There are just no words for how much relief and joy I feel at having Kyle back. Y'all who knew me when Hannah or Aurilion came to visit know how excited I was picking them up at the airport after not seeing them for 3 months (Aurilion) or a YEAR (Hannah) and I was nearly that excited about seeing Kyle after NINE DAYS apart. And I think we talked (mostly on gtalk) for at least three hours every day except for Friday and Saturday... but I crave Kyle's touch all the time, and I crave touching zir, and I crave eye contact and exploring new things with our bodies and energybodies. I now understand why Hannah missed Nick even when ze was with me (which I found upsetting at the time because I was like, "but it's US! how can you miss someone else when filled with THIS magic?") -- and find it flattering that it took a while for the missing to start. I've never lived with someone who was both WIDE FUCKING OPEN and deeply connected on multiple levels before -- I had a little taste of it when I lived at Serendipity and everyone was actively practicing openness, but it's different when it's already habit. I don't think I ever wrote about how Kyle and I connect energetically and I still don't think I'm ready to write about it but it's really insanely intense -- we're even more alike than Hannah and I. And I think it's funny that people probably don't see us as alike (especially because when I'm around Kyle I'm often so enchanted with watching zir interact with people that I'm much quieter than usual) but we are. We just developed opposite coping mechanisms, heh. Kyle and I fit together like Hannah and I but ze inspires me in different ways. Hannah pushes me in compassion and knowledge and creative expression (individual) -- Kyle pushes me in adventure and exploring and creative expression (co-operative). They both push me in openness but in different ways -- Hannah pushes me with questions that help me find hidden areas of myself, and Kyle pushes me with simply living an example of unedited openness (which is the most beautiful thing I can imagine). Not to say that those are totally discrete categories, 'cause I certainly learn all those things from both of them, but those are the ways they lean.

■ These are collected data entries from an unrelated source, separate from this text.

(* Fix an integer $c\ge1$. For each $n$, let $C_n=\{V_{1,n},\dots,V_{c,n}\}$ be a partition of $\{1,\dots,n\}$ with $n_i:=|V_{i,n}|$, let $P_n$ be a symmetric $c\times c$ matrix with entries in $[0,1]$, and let $G_n\sim\mathrm{SBM}(n;C_n,P_n)$. Let $s_n(i,i):=\binom{n_i}{2}$ and $s_n(i,j):=n_in_j$ for $i\ne j$, and let $$\mathcal{K}:=\Big\{(i,j)\in\{1,\dots,c\}^2:\ \limsup_{n\to\infty}s_n(i,j)\,(1-P_n(i,j))>0\Big\}.$$ Suppose that $n_in_j\to\infty$ for each $(i,j)\in\mathcal{K}$, and that there is a constant $C>1$ such that for all sufficiently large $n$, $$\sum_{k=1}^c n_k\,P_n(i,k)P_n(k,j)\ \ge\ C\ln(n_in_j)\quad\text{for all }(i,j)\in\mathcal{K}.$$ Then $\operatorname{diam}(G_n)\le 2$ with probability tending to $1$ as $n\to\infty$.
   Context: Stochastic Block Model: $G\sim\mathrm{SBM}(n;C,P)$, for a partition $C=\{V_1,\dots,V_c\}$ of $V=\{1,\dots,n\}$ and a symmetric $c\times c$ matrix $P$ with entries in $[0,1]$, is the random simple undirected graph on $V$ in which, independently for each pair of distinct vertices $u\in V_i$, $v\in V_j$, the edge $\{u,v\}$ is present with probability $P(i,j)$. The diameter is the maximum shortest-path distance between two vertices ($\infty$ if disconnected). *)

From HB Require Import structures.
From Stdlib Require Import Reals.
From mathcomp Require Import all_boot.
Set Implicit Arguments.
Unset Strict Implicit.
Unset Printing Implicit Defensive.

Lemma Rplus_assoc' : associative Rplus.
Proof. by move=> x y z; rewrite Rplus_assoc. Qed.
Lemma Rmult_assoc' : associative Rmult.
Proof. by move=> x y z; rewrite Rmult_assoc. Qed.
HB.instance Definition _ := Monoid.isComLaw.Build R (IZR 0) Rplus Rplus_assoc' Rplus_comm Rplus_0_l.
HB.instance Definition _ := Monoid.isComLaw.Build R (IZR 1) Rmult Rmult_assoc' Rmult_comm Rmult_1_l.

(* Vertices of G_n are 'I_n (= {0,...,n-1}); the partition C_n into c labelled
   blocks is given by a labelling f : 'I_n -> 'I_c, V_{i,n} = f^{-1}(i). *)
Definition block_size (n c : nat) (f : 'I_n -> 'I_c) (i : 'I_c) : nat :=
  #|[set v | f v == i]|.

Definition pair_count (n c : nat) (f : 'I_n -> 'I_c) (i j : 'I_c) : R :=
  if i == j then INR 'C(block_size f i, 2)
  else INR (block_size f i * block_size f j).

Definition limsup_pos (a : nat -> R) : Prop :=
  exists eps : R, Rlt 0 eps /\ forall N : nat, exists n : nat, (N <= n)%nat /\ Rlt eps (a n).

Definition in_K (c : nat) (f : forall n : nat, 'I_n -> 'I_c)
  (P : nat -> 'I_c -> 'I_c -> R) (i j : 'I_c) : Prop :=
  limsup_pos (fun n => Rmult (pair_count (f n) i j) (Rminus 1 (P n i j))).

(* A simple graph on 'I_n is a set of ordered pairs (u,v) with u < v. *)
Definition upper_pairs (n : nat) : {set ('I_n * 'I_n)} := [set p : 'I_n * 'I_n | (nat_of_ord p.1 < nat_of_ord p.2)%N].

Definition graph_adj (n : nat) (E : {set ('I_n * 'I_n)}) (u v : 'I_n) : bool :=
  ((u, v) \in E) || ((v, u) \in E).

Definition diam_le2 (n : nat) (E : {set ('I_n * 'I_n)}) : bool :=
  [forall u : 'I_n, forall v : 'I_n, (u != v) ==>
     (graph_adj E u v || [exists w : 'I_n, graph_adj E u w && graph_adj E w v])].

Definition sbm_weight (n c : nat) (f : 'I_n -> 'I_c) (P : 'I_c -> 'I_c -> R)
  (E : {set ('I_n * 'I_n)}) : R :=
  \big[Rmult/(IZR 1)]_(p in upper_pairs n)
     (if p \in E then P (f p.1) (f p.2) else Rminus 1 (P (f p.1) (f p.2))).

Definition sbm_prob (n c : nat) (f : 'I_n -> 'I_c) (P : 'I_c -> 'I_c -> R)
  (A : pred {set ('I_n * 'I_n)}) : R :=
  \big[Rplus/(IZR 0)]_(E : {set ('I_n * 'I_n)} | (E \subset upper_pairs n) && A E)
     sbm_weight f P E.

(* If diam(G_n) > 2, some pair u != v is neither adjacent nor joined through a
   common neighbour.  For u in V_i and v in V_j this has probability at most
   1 - P(i,j), and, the events "x is a common neighbour of u and v" being
   independent for x <> u, v, at most
     prod_x (1 - P(i, f x) P(f x, j)) <= e^2 exp (- sum_k n_k P(i,k) P(k,j))
                                      <= e^2 (n_i n_j)^(-C).
   By the union bound over the at most n_i n_j, resp. 2 s_n(i,j), such pairs,
   the block (i,j) contributes at most e^2 (n_i n_j)^(1-C) -> 0 when (i,j) is in
   K, and at most 2 s_n(i,j) (1 - P_n(i,j)) -> 0 when it is not. *)

From HB Require Import structures.
From Stdlib Require Import Reals Lra Classical.
From mathcomp Require Import all_boot zify.
Set Implicit Arguments.
Unset Strict Implicit.
Unset Printing Implicit Defensive.
Open Scope R_scope.

Lemma Rmult_0_l' : left_zero 0 Rmult. Proof. exact: Rmult_0_l. Qed.
Lemma Rmult_0_r' : right_zero 0 Rmult. Proof. exact: Rmult_0_r. Qed.
HB.instance Definition _ := Monoid.isMulLaw.Build R 0 Rmult Rmult_0_l' Rmult_0_r'.
Lemma Rmult_plus_distr_r' : left_distributive Rmult Rplus.
Proof. exact: Rmult_plus_distr_r. Qed.
Lemma Rmult_plus_distr_l' : right_distributive Rmult Rplus.
Proof. exact: Rmult_plus_distr_l. Qed.
HB.instance Definition _ :=
  Monoid.isAddLaw.Build R Rmult Rplus Rmult_plus_distr_r' Rmult_plus_distr_l'.

Lemma sumR_ge0 (I : Type) (r : seq I) (P : pred I) (F : I -> R) :
  (forall i, P i -> 0 <= F i) -> 0 <= \big[Rplus/0]_(i <- r | P i) F i.
Proof. by move=> F0; apply: big_ind => //; [lra | move=> x y; lra]. Qed.

Lemma prodR_ge0 (I : Type) (r : seq I) (P : pred I) (F : I -> R) :
  (forall i, P i -> 0 <= F i) -> 0 <= \big[Rmult/1]_(i <- r | P i) F i.
Proof. by move=> F0; apply: big_ind => //; [lra | exact: Rmult_le_pos]. Qed.

Lemma ler_sumR (I : Type) (r : seq I) (P : pred I) (F G : I -> R) :
  (forall i, P i -> F i <= G i) ->
  \big[Rplus/0]_(i <- r | P i) F i <= \big[Rplus/0]_(i <- r | P i) G i.
Proof. by move=> FG; apply: big_ind2 => //; [lra | move=> *; lra]. Qed.

Lemma sumR_const (T : finType) (P : pred T) (K : R) :
  \big[Rplus/0]_(v | P v) K = INR #|[pred v | P v]| * K.
Proof.
rewrite big_const; elim: #|P| => [|k IHk]; first by rewrite /=; ring.
by rewrite iterS IHk S_INR; ring.
Qed.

And right now, even with all the fruitfulness of my life (and I feel it is really flourishing), whenever I am not interacting with Kyle I feel like I am waiting for the next interaction. That feels like the greatest 'work' of my life at the moment,
and I find that a bit disconcerting. I feel like I'm becoming so quickly -- so quickly! -- but I don't know what. I feel like this awakened seed that started two summers ago is reaching out of the soil for the first time and just curling-unfurling-stretching-dancing into a living being so FAST. I think the part of me that interacting with Kyle nourishes is a part that has never really been nourished before. It's a part that I was trained to see as "bad" -- I was taught to be dependable and stable and give that to anyone who asked, but it's not me to be stable, it really isn't. Dependable is a little more questionable; there are certain things I want people to be able to depend on me for but at the same time I want nothing to be expected, so I don't know. I'm not sure where that one is going to go. There's a certain amount that I THINK has to be unchanging for others to be able to intertwine with, but perhaps not? perhaps it takes dynamic and dynamic to form bonds in the midst of change? and maybe I can keep a part of me not-dynamic without hurting myself? I'm trying to figure that out at the moment. But I feel like connecting with Kyle has nourished the dynamic fearless part of me and I'm actively developing the ability to play without fear of fucking up.
One thing Maggie mentioned about the way Kyle and I interact is that we do things just "in tune" with each other -- if we're cleaning or cooking or just setting something up, we don't bump into each other or have to discuss much, we just act in tandem. I consider this a function of our spirit connection 'cause I've experienced it with everyone else I have spirit connections with; it's just stronger with Kyle and extends past conscious projects to spiritual senses about things. And that? I can't explain directly but I think I can explain sideways by saying that I feel we could share an altar. (which is a new and profound realization)
And I've learned that making personal taboos is not a way I want to try to keep myself on track. I developed a taboo against "being untrue" and instead of helping me be true, it made me afraid to change or explore things that were on the edges of me-ness, because if I accidentally did something that wasn't true to me, that would not be okay. I started realizing this a long time ago when I decided that being a little bit of a hypocrite was important to me, but I didn't realize just how important that is. I've decided that accepting/celebrating imperfection (and calling it hypocrisy to take the sting out of that word) is important to me and something that I will add to my list of core values to make them unabsolute.